Now that the environment is ready, let’s create a connection to Hive. This is done by creating and ODBC data source in Windows. The connection to use is the “Cloudera ODBC Driver for Apache Hive”.
To configure the ODBC connection, simply add host / port of the thrift interface, and make sure that HiveServer2 is selected. Authentication on Spark is disabled by default.
Let’s load some data and have fun! We will be using a new command shell called beeline that works with Hive Server2.
and connect to Hive
Using the beeline command shell, we load a subset of columns from the Chicago crime data set.
create table crime
(
ID STRING,
BLOCK STRING,
PRIMARY_TYPE STRING,
DESCRIPTION STRING,
LOCATIONDESC STRING,
YEAR INT,
LAT DOUBLE,
LON DOUBLE
)
ROW FORMAT DELIMITED
FIELDS TERMINATED BY ','
LINES TERMINATED BY '\n'
STORED AS TEXTFILE
LOCATION '/tmp/data/crime.csv';
Now that we’ve created a data source and loaded data into hive, we need to create the metadata in in the OBIEE administration tool.

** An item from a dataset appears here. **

(* Let $\mathcal{Q}$ be a family of Boolean constraints. If there exists a polynomial \texttt{upi} encoding for $\mathcal{Q}$, then there exists a polynomial \texttt{upac} encoding for $\mathcal{Q}$. That is: if there is a polynomial $P$ such that every $q\in\mathcal{Q}$ on $n$ variables has a \texttt{upi} \textsc{cnf} encoding of size at most $P(n)$, then there is a polynomial $P'$ such that every $q\in\mathcal{Q}$ on $n$ variables has a \textsc{cnf} encoding of size at most $P'(n)$ that is both \texttt{upi} and \texttt{upac}.
   Context: Assignments: an assignment of a Boolean variable $v$ is $[v,1]$ (also written $[v]$) or $[v,0]$ (also written $[\neg v]$); for a literal $\omega$, $[\omega]$ is the assignment making $\omega$ true. For a set $V$ of Boolean variables, $\mathcal{A}_V$ is the set of complete non-contradictory assignments on $V$ (exactly one value per variable) and $\mathcal{I}_V$ the set of partial non-contradictory assignments (at most one value per variable). $\mathtt{lit}(V)=\bigcup_{v\in V}\{v,\neg v\}$. The size of a \textsc{cnf} formula is the total number of literal occurrences in its clauses. For a \textsc{cnf} formula $\Sigma$ and an assignment $I$, $\Sigma|_I$ is $\Sigma$ together with the unit clause $(v)$ for each $[v,1]\in I$ and $(\neg v)$ for each $[v,0]\in I$. Unit resolution: given an assignment $U$, a clause $c$ is unit w.r.t. $U$ if $U$ falsifies all literals of $c$ except exactly one, its active literal $\omega$. Unit resolution on $\Sigma$ starts with $U=\emptyset$ and repeatedly adds $[\omega]$ for active literals $\omega$ of unit clauses w.r.t. $U$, until $U$ is contradictory (contains $[v,0]$ and $[v,1]$ for some $v$) or nothing new can be added. It ''produces the empty clause'' iff $U$ becomes contradictory, and ''infers $[\omega]$'' iff $[\omega]$ is added to $U$. Constraints: a Boolean constraint $q$ on a finite variable set $V$ is any representation of a function $h_q:\mathcal{A}_V\to\{\mathtt{sat},\mathtt{unsat}\}$; $A\in\mathcal{A}_V$ satisfies $q$ iff $h_q(A)=\mathtt{sat}$, otherwise falsifies it. A partial assignment $I\in\mathcal{I}_V$ falsifies $q$ iff every $A\in\mathcal{A}_V$ with $I\subseteq A$ falsifies $q$. A \textsc{cnf} encoding of $q$ is a \textsc{cnf} formula $\Sigma_q$ (possibly with extra variables outside $V$) such that for every $A\in\mathcal{A}_V$, $\Sigma_q|_A$ is satisfiable iff $A$ satisfies $q$. It is \texttt{upi} if for every $I\in\mathcal{I}_V$, unit resolution on $\Sigma_q|_I$ produces the empty clause iff $I$ falsifies $q$. It is \texttt{upac} if for every $I\in\mathcal{I}_V$ that does not falsify $q$ and every literal $\omega\in\mathtt{lit}(V)$ with $[\omega]\notin I$, unit resolution on $\Sigma_q|_I$ does not produce the empty clause, and it infers $[\omega]$ iff $I\cup\{[\neg\omega]\}$ falsifies $q$. An encoding scheme for a family $\mathcal{Q}$ is polynomial if the size of the encoding of each $q\in\mathcal{Q}$ is bounded by a fixed polynomial in the number of variables of $q$. *)

From mathcomp Require Import all_boot.
Set Implicit Arguments. Unset Strict Implicit. Unset Printing Implicit Defensive.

We first create a new Database (Right Click on the physical layer-> New Database)
Then a connection Pool
Let’s test the connection, this is done by right clicking on the connection pool and selecting import Metadata
If the connection is successful, the Import Metadata window is displayed
Click Next
For some reason, the hive tables are not listed under the “default” database; click on the shuttled icon then Finish.
The Physical catalog HIVE is created under the Hive Server2 connection pool
We need to create the “crime” table manually in OBIEE. This is done by right clicking on the “HIVE” physical catalog->New Object->Physical Table
The key thing to note is that the table name (CRIME) and the physical columns must match those in the hive database.
We then create 2 aliases then a business model in order to be able to create simple interactive reports in OBIEE Answers.
We also create a simple measure: count of ID to represent the number of crime occurrences.
We’re now ready to create a simple report in OBIEE, the first report will show the # of crime occurrences versus year (2001 through 2015). As soon as the job is submitted, we can log into Spark UI to monitor the job. Sure enough, we see one job being run
After a few seconds, the job completes
The results are displayed in OBIEE.
We then add the crime type in a pivot table
We add a tree map visualization to display the number of crime occurrences by crime type for 2015
In this post, we connected OBIEE to Hive integrated with Spark SQL; we then created analysis using the Hive-Spark data source.